七日後,晨曦微露,十裏長亭外旌旗獵獵,塵土飛揚。林嶽峰将軍身披玄甲,腰懸佩劍,勒馬立于隊伍前方,目光如炬地望向京城方向。身後,三萬軒轅鐵騎軍容嚴整,甲胄在朝陽下泛着冷冽寒光,而被親兵嚴密看守的西涼質子尉遲恭,一襲素色囚服,雖面帶不甘,卻難掩少年人眼中的桀骜與警惕。
“将軍,已至十裏亭,是否按例紮營休整?”副将翻身下馬,單膝跪地請示。
林嶽峰颔首,聲音沉穩如鍾:“傳令下去,全軍原地紮營,不得擾民。待本将軍入宮複命,再聽候陛下調遣!”說罷,他翻身下馬,将缰繩遞給親兵,目光掃過被押解的尉遲恭,冷聲道:“帶質子随我入宮。

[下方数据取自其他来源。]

(* Let $V,K,L$ be positive integers, $\boldsymbol\epsilon\in[0,1]^V$, and let $V_1,\dots,V_L$ be pairwise disjoint finite sets of rays (ray $j$ ''belongs to position $l$'' if $j\in V_l$), each with $|V_l|\ge K$; each ray $j$ has a vector $\mathbf p_j=(p_{ij})_{i=1}^V\in[0,1]^V$. Run the multi-position greedy algorithm: $\mathbf b^0=\boldsymbol\epsilon$, $A_0=V_1\cup\dots\cup V_L$, $J_l=\emptyset$ for all $l$; at iteration $t=1,2,\dots$ (while $A_{t-1}\neq\emptyset$) choose $j_t\in\arg\min_{j\in A_{t-1}}\sum_i b^{t-1}_i p_{ij}$, let $l_t$ be its position, add $j_t$ to $J_{l_t}$, set $\mathbf b^t=\mathbf b^{t-1}\odot\mathbf p_{j_t}$, and set $A_t=A_{t-1}\setminus\{j_t\}$, except that if $|J_{l_t}|=K$ then $A_t=A_{t-1}\setminus V_{l_t}$ (position $l_t$ is closed). This runs exactly $LK$ iterations. Let $f^t=\sum_i b_i^t$ and $E=\sum_i\epsilon_i$. Suppose real numbers $\overline{\mathrm{OPT}}_0\le\overline{\mathrm{OPT}}_1\le\dots\le\overline{\mathrm{OPT}}_{L-1}$ are such that for every $t\in\{0,\dots,LK-1\}$ the set $A_t$ contains a nonempty subset $S$ with $|S|\le LK$ and $\sum_{i=1}^V\prod_{j\in S}p_{ij}\le \overline{\mathrm{OPT}}_{\lfloor t/K\rfloor}$. Then $$f^{LK}\le \frac{E}{e}+\sum_{u=0}^{L-1}\gamma_u\,\overline{\mathrm{OPT}}_u,\qquad \gamma_u=\Big(1-e^{-1/L}\Big)\Big(e^{-1/L}\Big)^{L-1-u}.$$
   Context: $\odot$ denotes coordinatewise product; $e$ is Euler's number. The quantity $\overline{\mathrm{OPT}}_u$ plays the role of the optimum cost still achievable with available rays after $u$ positions have been closed; at most $\lfloor t/K\rfloor$ positions are closed after $t$ iterations. *)

From Stdlib Require Import Reals Lra Lia Arith List.
Import ListNotations.
Open Scope R_scope.

Fixpoint sumR (n : nat) (f : nat -> R) : R :=
  match n with
  | O => 0
  | S m => sumR m f + f m
  end.

Definition prodR (S : list nat) (g : nat -> R) : R :=
  fold_right (fun j acc => g j * acc) 1 S.

(* Setting: rays are 0..N-1; ray j belongs to position pos j (< L), so
   V_l = {j < N | pos j = l}.  js t (t >= 1) is the ray chosen at iteration t. *)

Fixpoint bvec (eps : nat -> R) (p : nat -> nat -> R) (js : nat -> nat)
  (t : nat) (i : nat) : R :=
  match t with
  | O => eps i
  | S t' => bvec eps p js t' i * p i (js t)
  end.

Definition fval (V : nat) eps p js (t : nat) : R :=
  sumR V (fun i => bvec eps p js t i).

(* |J_l| after t iterations: number of s in 1..t with pos (js s) = l *)
Fixpoint Jcount (pos : nat -> nat) (js : nat -> nat) (t : nat) (l : nat) : nat :=
  match t with
  | O => O
  | S t' => (Jcount pos js t' l + (if Nat.eqb (pos (js t)) l then 1 else 0))%nat
  end.

Fixpoint inA (N : nat) (K : nat) (pos : nat -> nat) (js : nat -> nat)
  (t : nat) (j : nat) : Prop :=
  match t with
  | O => (j < N)%nat
  | S t' => inA N K pos js t' j /\ j <> js t /\
            ~ (Jcount pos js t (pos (js t)) = K /\ pos j = pos (js t))
  end.

(* the run js is a valid run of the multi-position greedy algorithm for
   iterations 1..T (any tie-breaking in the argmin) *)
Definition greedy_run (V N K : nat) (pos : nat -> nat) (eps : nat -> R)
  (p : nat -> nat -> R) (js : nat -> nat) (T : nat) : Prop :=
  forall t : nat, (1 <= t <= T)%nat ->
    inA N K pos js (t - 1) (js t) /\
    forall j, inA N K pos js (t - 1) j ->
      sumR V (fun i => bvec eps p js (t - 1) i * p i (js t))
      <= sumR V (fun i => bvec eps p js (t - 1) i * p i j).

Definition gamma (L u : nat) : R :=
  (1 - exp (- (1 / INR L))) * (exp (- (1 / INR L))) ^ (L - 1 - u).

From Stdlib Require Import Reals Lra Lia Arith List.
Open Scope R_scope.

(* If [S] is a nonempty set of at most [LK] rays still available at step [t],
   then multiplying by all of [S] loses at most [|S|] times what the greedy ray
   loses, so the gap [f^t - OPT] shrinks by the factor [1 - 1/(LK)] at every
   step.  Inside block [u] (iterations [uK .. uK+K-1]) the bound [OPT_u] is
   fixed, so the gap to [OPT_u] shrinks by [(1 - 1/(LK))^K <= e^(-1/L)] over
   the block; unrolling the [L] blocks gives the weights [gamma].  Since the
   [f^t] are nonincreasing, a block that starts below [OPT_u] stays there. *)

Lemma sumR_eq n f g : (forall i, (i < n)%nat -> f i = g i) -> sumR n f = sumR n g.
Proof.
  induction n as [|n IH]; intros H; simpl; [reflexivity|].
  rewrite IH, H by (try intros; try apply H; lia). reflexivity.
Qed.

Lemma sumR_le n f g : (forall i, (i < n)%nat -> f i <= g i) -> sumR n f <= sumR n g.
Proof.
  induction n as [|n IH]; intros H; simpl; [lra|].
  assert (sumR n f <= sumR n g) by (apply IH; intros; apply H; lia).
  assert (f n <= g n) by (apply H; lia).
  lra.
Qed.

Lemma sumR_sub n f g : sumR n (fun i => f i - g i) = sumR n f - sumR n g.
Proof. induction n as [|n IH]; simpl; [lra|]. rewrite IH. lra. Qed.

Lemma sumR_scal_l n c f : sumR n (fun i => c * f i) = c * sumR n f.
Proof. induction n as [|n IH]; simpl; [lra|]. rewrite IH. lra. Qed.

Lemma prodR_unit_interval (S : list nat) (g : nat -> R) :
  (forall j, In j S -> 0 <= g j <= 1) -> 0 <= prodR S g <= 1.
Proof.
  induction S as [|j S IH]; intros H; unfold prodR; simpl; [lra|].
  assert (0 <= g j <= 1) by (apply H; left; reflexivity).
  assert (0 <= prodR S g <= 1) by (apply IH; intros; apply H; right; assumption).
  unfold prodR in *. split; nra.
Qed.

Lemma exp_pow x n : exp x ^ n = exp (INR n * x).
Proof.
  induction n as [|n IH]; simpl.
  - rewrite Rmult_0_l, exp_0. reflexivity.
  - rewrite IH, <- exp_plus. f_equal. destruct n; simpl; lra.
Qed.

Lemma INR_ge_1 n : (1 <= n)%nat -> 1 <= INR n.
Proof. intros h. replace 1 with (INR 1) by reflexivity. apply le_INR, h. Qed.

Lemma one_sub_inv_nonneg M : 1 <= M -> 0 <= 1 - 1 / M.
Proof.
  intros hM. assert (1 / M <= 1).
  { unfold Rdiv. rewrite Rmult_1_l, <- Rinv_1. apply Rinv_le_contravar; lra. }
  lra.
Qed.

Lemma one_sub_inv_pow_le_exp (L K : nat) :
  (0 < L)%nat -> (0 < K)%nat ->
  (1 - 1 / INR (L * K)) ^ K <= exp (- (1 / INR L)).
Proof.
  intros hL hK.
  assert (0 < INR L) by (apply lt_0_INR; lia).
  assert (0 < INR K) by (apply lt_0_INR; lia).
  assert (1 <= INR (L * K)) by (apply INR_ge_1; nia).
  assert (0 <= 1 - 1 / INR (L * K)) by (apply one_sub_inv_nonneg; assumption).
  apply Rle_trans with (exp (- (1 / INR (L * K))) ^ K).
  - apply pow_incr. split; [assumption|].
    pose proof (exp_ineq1_le (- (1 / INR (L * K)))). lra.
  - rewrite exp_pow, mult_INR. right. f_equal. field. lra.
Qed.

Lemma sumR_prod_loss_le (V : nat) (b : nat -> R) (p : nat -> nat -> R) (m : R)
    (X : list nat) :
  (forall i, (i < V)%nat -> 0 <= b i) ->
  (forall i j, (i < V)%nat -> In j X -> 0 <= p i j <= 1) ->
  (forall j, In j X -> m <= sumR V (fun i => b i * p i j)) ->
  sumR V b - sumR V (fun i => b i * prodR X (fun j => p i j))
  <= INR (length X) * (sumR V b - m).
Proof.
  intros hb hp hm. induction X as [|j X IH].
  - rewrite (sumR_eq V (fun i => b i * prodR nil (fun j => p i j)) b)
      by (intros; unfold prodR; simpl; lra).
    simpl. lra.
  - assert (IHX := IH ltac:(intros; apply hp; simpl; auto)
                      ltac:(intros; apply hm; simpl; auto)).
    assert (hmj := hm j (or_introl eq_refl)).
    assert (hretain : sumR V (fun i => b i * p i j) <= sumR V b).
    { apply sumR_le. intros i hi.
      assert (0 <= p i j <= 1) by (apply hp; simpl; auto).
      assert (0 <= b i) by auto. nra. }
    (* (1 - p)(1 - P) >= 0 bounds the extra loss of [j] by its own loss *)
    assert (hextra : sumR V (fun i => b i * prodR X (fun j0 => p i j0)) -
                     sumR V (fun i => b i * prodR (j :: X) (fun j0 => p i j0))
                     <= sumR V b - sumR V (fun i => b i * p i j)).
    { rewrite <- !sumR_sub. apply sumR_le. intros i hi.
      assert (0 <= prodR X (fun j0 => p i j0) <= 1)
        by (apply prodR_unit_interval; intros; apply hp; simpl; auto).
      assert (0 <= p i j <= 1) by (apply hp; simpl; auto).
      assert (0 <= b i) by auto.
      change (prodR (j :: X) (fun j0 => p i j0))
        with (p i j * prodR X (fun j0 => p i j0)).
      assert (0 <= b i * (1 - p i j) * (1 - prodR X (fun j0 => p i j0)))
        by (apply Rmult_le_pos; [apply Rmult_le_pos|]; lra).
      nra. }
    change (length (j :: X)) with (S (length X)). rewrite S_INR. nra.
Qed.

Lemma gap_contraction (n M f m g c : R) :
  1 <= n <= M -> m <= f -> g <= c -> f - g <= n * (f - m) ->
  m <= c + (1 - 1 / M) * (f - c).
Proof.
  intros hn hmf hgc hloss.
  assert (hgap : f - c <= M * (f - m)) by nra.
  replace (c + (1 - 1 / M) * (f - c)) with (f - (f - c) / M) by (field; lra).
  assert ((f - c) / M <= f - m).
  { apply Rmult_le_reg_r with M; [lra|].
    unfold Rdiv. rewrite Rmult_assoc, Rinv_l by lra. lra. }
  lra.
Qed.

Lemma nonincreasing_le_first (y : nat -> R) (n : nat) :
  (forall k, (k < n)%nat -> y (S k) <= y k) -> y n <= y O.
Proof.
  induction n as [|n IH]; intros H; [lra|].
  assert (y (S n) <= y n) by (apply H; lia).
  assert (y n <= y O) by (apply IH; intros; apply H; lia).
  lra.
Qed.

Lemma contraction_pow_le (y : nat -> R) (c a : R) (n : nat) :
  0 <= a -> c <= y O ->
  (forall k, (k < n)%nat -> y (S k) <= y k /\ y (S k) <= c + a * (y k - c)) ->
  y n <= c + a ^ n * (y O - c).
Proof.
  intros ha hc. induction n as [|n IH]; intros H; simpl; [lra|].
  destruct (H n ltac:(lia)) as [hmono hcontr].
  assert (IHn := IH ltac:(intros; apply H; lia)).
  assert (0 <= a ^ n) by (apply pow_le; assumption).
  destruct (Rlt_le_dec (y n) c); nra.
Qed.

Lemma contraction_block_le (y : nat -> R) (c a q : R) (K : nat) :
  0 <= a -> a ^ K <= q -> q <= 1 ->
  (forall k, (k < K)%nat -> y (S k) <= y k /\ y (S k) <= c + a * (y k - c)) ->
  y K <= q * y O + (1 - q) * c.
Proof.
  intros ha haq hq H.
  destruct (Rlt_le_dec (y O) c) as [hlt|hge].
  - assert (y K <= y O) by (apply nonincreasing_le_first; intros; apply H; assumption).
    nra.
  - assert (y K <= c + a ^ K * (y O - c)) by (apply contraction_pow_le; assumption).
    nra.
Qed.

Lemma blockwise_contraction_le (x c : nat -> R) (q : R) (L K : nat) :
  0 <= q ->
  (forall u, (u < L)%nat -> x (u * K + K)%nat <= q * x (u * K)%nat + (1 - q) * c u) ->
  x (L * K)%nat <= q ^ L * x 0%nat + sumR L (fun u => (1 - q) * q ^ (L - 1 - u) * c u).
Proof.
  intros hq. induction L as [|L IH]; intros H; [simpl; lra|].
  assert (hlast := H L ltac:(lia)).
  assert (IHL := IH ltac:(intros; apply H; lia)).
  replace (S L * K)%nat with (L * K + K)%nat by lia.
  change (sumR (S L) ?f) with (sumR L f + f L).
  rewrite (sumR_eq L (fun u => (1 - q) * q ^ (S L - 1 - u) * c u)
                     (fun u => q * ((1 - q) * q ^ (L - 1 - u) * c u)))
    by (intros u hu; replace (S L - 1 - u)%nat with (S (L - 1 - u)) by lia; simpl; lra).
  rewrite sumR_scal_l. replace (S L - 1 - L)%nat with O by lia. simpl. nra.
Qed.

Section GreedyRun.

Variables (V N K T : nat) (pos : nat -> nat) (eps : nat -> R)
  (p : nat -> nat -> R) (js : nat -> nat).
Hypothesis heps : forall i, (i < V)%nat -> 0 <= eps i <= 1.
Hypothesis hp : forall i j, (i < V)%nat -> (j < N)%nat -> 0 <= p i j <= 1.
Hypothesis hrun : greedy_run V N K pos eps p js T.

Lemma inA_lt t j : inA N K pos js t j -> (j < N)%nat.
Proof. revert j; induction t; simpl; intros j H; [assumption | apply IHt; tauto]. Qed.

Lemma greedy_run_step t : (t < T)%nat ->
  inA N K pos js t (js (S t)) /\
  forall j, inA N K pos js t j ->
    sumR V (fun i => bvec eps p js t i * p i (js (S t)))
    <= sumR V (fun i => bvec eps p js t i * p i j).
Proof.
  intros ht. destruct (hrun (S t) ltac:(lia)) as [hin hmin].
  replace (S t - 1)%nat with t in hin, hmin by lia. split; assumption.
Qed.

Lemma bvec_unit_interval t i : (t <= T)%nat -> (i < V)%nat ->
  0 <= bvec eps p js t i <= 1.
Proof.
  induction t as [|t IH]; intros ht hi; simpl; [auto|].
  destruct (greedy_run_step t ltac:(lia)) as [hin _].
  assert (0 <= p i (js (S t)) <= 1) by (apply hp; [|apply (inA_lt t)]; assumption).
  assert (0 <= bvec eps p js t i <= 1) by (apply IH; lia).
  nra.
Qed.

Lemma greedy_step_contraction t (X : list nat) (c : R) :
  (t < T)%nat -> X <> nil -> (length X <= T)%nat ->
  (forall j, In j X -> inA N K pos js t j) ->
  sumR V (fun i => prodR X (fun j => p i j)) <= c ->
  fval V eps p js (S t) <= fval V eps p js t /\
  fval V eps p js (S t) <= c + (1 - 1 / INR T) * (fval V eps p js t - c).
Proof.
  intros ht hne hlen hXA hXc.
  destruct (greedy_run_step t ht) as [hin hmin].
  set (b := bvec eps p js t).
  assert (hb : forall i, (i < V)%nat -> 0 <= b i <= 1)
    by (intros; apply bvec_unit_interval; [lia | assumption]).
  assert (hpX : forall i j, (i < V)%nat -> In j X -> 0 <= p i j <= 1)
    by (intros i j hi hj; apply hp; [|apply (inA_lt t), hXA]; assumption).
  change (fval V eps p js (S t)) with (sumR V (fun i => b i * p i (js (S t)))).
  change (fval V eps p js t) with (sumR V b).
  assert (hdecr : sumR V (fun i => b i * p i (js (S t))) <= sumR V b).
  { apply sumR_le. intros i hi.
    assert (0 <= p i (js (S t)) <= 1) by (apply hp; [|apply (inA_lt t)]; assumption).
    assert (0 <= b i <= 1) by auto. nra. }
  assert (hXval : sumR V (fun i => b i * prodR X (fun j => p i j)) <= c).
  { eapply Rle_trans; [|exact hXc]. apply sumR_le. intros i hi.
    assert (0 <= prodR X (fun j => p i j) <= 1)
      by (apply prodR_unit_interval; intros; apply hpX; assumption).
    assert (0 <= b i <= 1) by auto. nra. }
  assert (hcard : 1 <= INR (length X) <= INR T).
  { split; [|apply le_INR; assumption].
    destruct X as [|j X']; [congruence|].
    change (length (j :: X')) with (S (length X')).
    rewrite S_INR. pose proof (pos_INR (length X')). lra. }
  split; [exact hdecr|].
  eapply gap_contraction; [exact hcard | exact hdecr | exact hXval |].
  apply sumR_prod_loss_le; [intros; apply hb; assumption | exact hpX |].
  intros j hj. apply hmin, hXA, hj.
Qed.

End GreedyRun.

Theorem theorem2
  (V K L N : nat) (pos : nat -> nat) (eps : nat -> R) (p : nat -> nat -> R)
  (js : nat -> nat) (OPT : nat -> R)
  (hV : (0 < V)%nat) (hK : (0 < K)%nat) (hL : (0 < L)%nat)
  (heps : forall i, (i < V)%nat -> 0 <= eps i <= 1)
  (hpos : forall j, (j < N)%nat -> (pos j < L)%nat)
  (hsize : forall l, (l < L)%nat ->
     (K <= length (filter (fun j => Nat.eqb (pos j) l) (seq 0 N)))%nat)
  (hp : forall i j, (i < V)%nat -> (j < N)%nat -> 0 <= p i j <= 1)
  (hrun : greedy_run V N K pos eps p js (L * K))
  (hOPTmono : forall u, (S u < L)%nat -> OPT u <= OPT (S u))
  (hOPT : forall t, (t < L * K)%nat ->
     exists S : list nat,
       S <> nil /\ NoDup S /\ (length S <= L * K)%nat /\
       (forall j, In j S -> inA N K pos js t j) /\
       sumR V (fun i => prodR S (fun j => p i j)) <= OPT (t / K)%nat) :
  fval V eps p js (L * K)
  <= sumR V eps / exp 1 + sumR L (fun u => gamma L u * OPT u).
Proof.
  set (q := exp (- (1 / INR L))).
  assert (hLpos : 0 < INR L) by (apply lt_0_INR; lia).
  assert (hq0 : 0 <= q) by (left; apply exp_pos).
  assert (hq1 : q <= 1).
  { rewrite <- exp_0. left. apply exp_increasing.
    assert (0 < 1 / INR L) by (apply Rdiv_lt_0_compat; lra). lra. }
  assert (hqL : q ^ L = / exp 1)
    by (unfold q; rewrite exp_pow, <- exp_Ropp; f_equal; field; lra).
  assert (hblocks := blockwise_contraction_le (fval V eps p js) OPT q L K hq0).
  rewrite hqL in hblocks.
  unfold Rdiv. rewrite Rmult_comm.
  apply hblocks. intros u hu.
  pose proof (contraction_block_le (fun k => fval V eps p js (u * K + k)%nat)
    (OPT u) (1 - 1 / INR (L * K)) q K) as hblock.
  cbv beta in hblock. rewrite Nat.add_0_r in hblock. apply hblock;
    [| apply one_sub_inv_pow_le_exp; assumption | assumption |].
  - apply one_sub_inv_nonneg, INR_ge_1. nia.
  - intros k hk.
    assert (hdiv : ((u * K + k) / K)%nat = u)
      by (rewrite Nat.div_add_l, Nat.div_small by lia; lia).
    destruct (hOPT (u * K + k)%nat ltac:(nia)) as [X [hne [_ [hlen [hXA hXc]]]]].
    rewrite hdiv in hXc. rewrite Nat.add_succ_r.
    apply (greedy_step_contraction V N K (L * K) pos eps p js heps hp hrun
             (u * K + k)%nat X); auto; nia.
Qed.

”
尉遲恭擡起下巴,眼中閃過一絲屈辱,卻終是被親兵按着頭,踉跄地跟上林嶽峰的步伐。
皇宮·太和殿
早朝的鍾聲剛過,文武百官分列兩側。皇上高坐龍椅,目光落在階下風塵仆仆的林嶽峰身上,朗聲道:“林将軍,辛苦了!西涼質子可曾帶到?”
林嶽峰單膝跪地,聲如洪鍾:“啓禀陛下,末将幸不辱命!西涼質子尉遲恭已帶到殿外,聽候陛下發落!”
“宣!”
随着太監尖細的唱喏,尉遲恭被押入殿中。他雖身着囚服,卻倔強地不肯下跪,隻是微微垂首,冷聲道:“西涼質子尉遲恭,參見軒轅陛下。”

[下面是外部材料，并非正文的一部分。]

(* Let $k$ be a commutative ring, $(H,\alpha)$ a monoidal Hom-Hopf algebra, $(A,\beta)$ a right $(H,\alpha)$-Hom-comodule algebra with a total integral $\phi:H\to A$ which is multiplicative ($\phi(hg)=\phi(h)\phi(g)$), and $(M,\mu)$ a relative Hom-Hopf module. Let $M_0=\{m\in M:\rho_M(m)=\mu^{-1}(m)\otimes 1_H\}$ and $C=\{b\in A:\rho_A(b)=\beta^{-1}(b)\otimes1_H\}$, and let $\tau_M:M\to M$, $\tau_M(m)=m_{[0]}\cdot\phi(S(m_{[1]}))$. Then: (1) $\tau_M(m)\in M_0$ for all $m\in M$, and $\tau_M|_{M_0}=\mathrm{id}_{M_0}$; (2) $\tau_A:A\to C$, $b\mapsto b_{[0]}\phi(S(b_{[1]}))$, is a morphism of left $(C,\beta)$-Hom-modules (via multiplication in $A$), so that $(C,\beta)$ is a direct summand of $(A,\beta)$ as a left $(C,\beta)$-Hom-module; (3) if moreover $\phi(H)\subseteq Z(A)$, then $\tau_M$ is a morphism of right $(C,\beta)$-Hom-modules, and the exact sequence $(M,\mu)\xrightarrow{\tau_M}(M_0,\mu)\to0$ splits as a sequence of right $(C,\beta)$-Hom-modules.
   Context: Hom-category: objects $(M,\mu)$ with $\mu$ a $k$-linear automorphism; morphisms commute with the automorphisms. Monoidal Hom-algebra $(A,\alpha)$: $\alpha(ab)=\alpha(a)\alpha(b)$, $\alpha(1_A)=1_A$, $\alpha(a)(bc)=(ab)\alpha(c)$, $a1_A=1_Aa=\alpha(a)$. Monoidal Hom-coalgebra $(C,\gamma)$: $\Delta(c)=c_{(1)}\otimes c_{(2)}$, $\varepsilon$, $\Delta\gamma=(\gamma\otimes\gamma)\Delta$, $\varepsilon\gamma=\varepsilon$, $\gamma^{-1}(c_{(1)})\otimes c_{(2)(1)}\otimes c_{(2)(2)}=c_{(1)(1)}\otimes c_{(1)(2)}\otimes\gamma(c_{(2)})$, $\varepsilon(c_{(1)})c_{(2)}=\varepsilon(c_{(2)})c_{(1)}=\gamma^{-1}(c)$. Monoidal Hom-Hopf algebra $(H,\alpha)$: both, $\Delta,\varepsilon$ multiplicative and unital, antipode $S$ with $S(h_{(1)})h_{(2)}=h_{(1)}S(h_{(2)})=\varepsilon(h)1_H$, $S\alpha=\alpha S$. Right $(A,\beta)$-Hom-module: $(m\cdot a)\cdot\beta(b)=\mu(m)\cdot(ab)$, $m\cdot1_A=\mu(m)$, $\mu(m\cdot a)=\mu(m)\cdot\beta(a)$ (left modules analogously). Right $(H,\alpha)$-Hom-comodule: $\rho(m)=m_{[0]}\otimes m_{[1]}$, $m_{[0][0]}\otimes m_{[0][1]}\otimes\alpha^{-1}(m_{[1]})=\mu^{-1}(m_{[0]})\otimes\Delta(m_{[1]})$, $m_{[0]}\varepsilon(m_{[1]})=\mu^{-1}(m)$, $\rho(\mu(m))=\mu(m_{[0]})\otimes\alpha(m_{[1]})$. Right Hom-comodule algebra $(A,\beta)$: $\rho(ab)=a_{[0]}b_{[0]}\otimes a_{[1]}b_{[1]}$, $\rho(1_A)=1_A\otimes1_H$. Relative Hom-Hopf module: right $(A,\beta)$-Hom-module and right $(H,\alpha)$-Hom-comodule with $\rho(m\cdot a)=m_{[0]}\cdot a_{[0]}\otimes m_{[1]}a_{[1]}$. Total integral: $k$-linear $\phi:H\to A$ with $\rho_A\phi=(\phi\otimes\mathrm{id})\Delta$, $\phi\alpha=\beta\phi$, $\phi(1_H)=1_A$. $Z(A)$ is the center of $A$. $C$ is a Hom-subalgebra of $A$ and $(M_0,\mu|_{M_0})$ is a right $(C,\beta)$-Hom-module. *)

From HB Require Import structures.
From mathcomp Require Import all_boot all_algebra.
Set Implicit Arguments. Unset Strict Implicit. Unset Printing Implicit Defensive.
Import GRing.Theory.
Local Open Scope ring_scope.

(* Tensors are represented by finite sums of simple tensors (sequences of   *)
(* pairs/triples); two such representatives denote the same element of the *)
(* tensor product iff every bilinear (resp. trilinear) map into every       *)
(* k-module agrees on them (universal property of the tensor product).     *)

Section HomDefs.
Variable k : comPzRingType.

Definition klinear (U V : lmodType k) (f : U -> V) : Prop :=
  forall (a : k) (x y : U), f (a *: x + y) = a *: f x + f y.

皇上并未動怒,反而饒有興緻地打量着他:“哦?西涼王倒是舍得,竟将你送來爲質。”
尉遲恭攥緊拳頭,聲音帶着少年人的尖銳:“父王說,兩國交兵,傷及無辜百姓,實非所願。送我來此,隻爲表西涼求和之誠意。”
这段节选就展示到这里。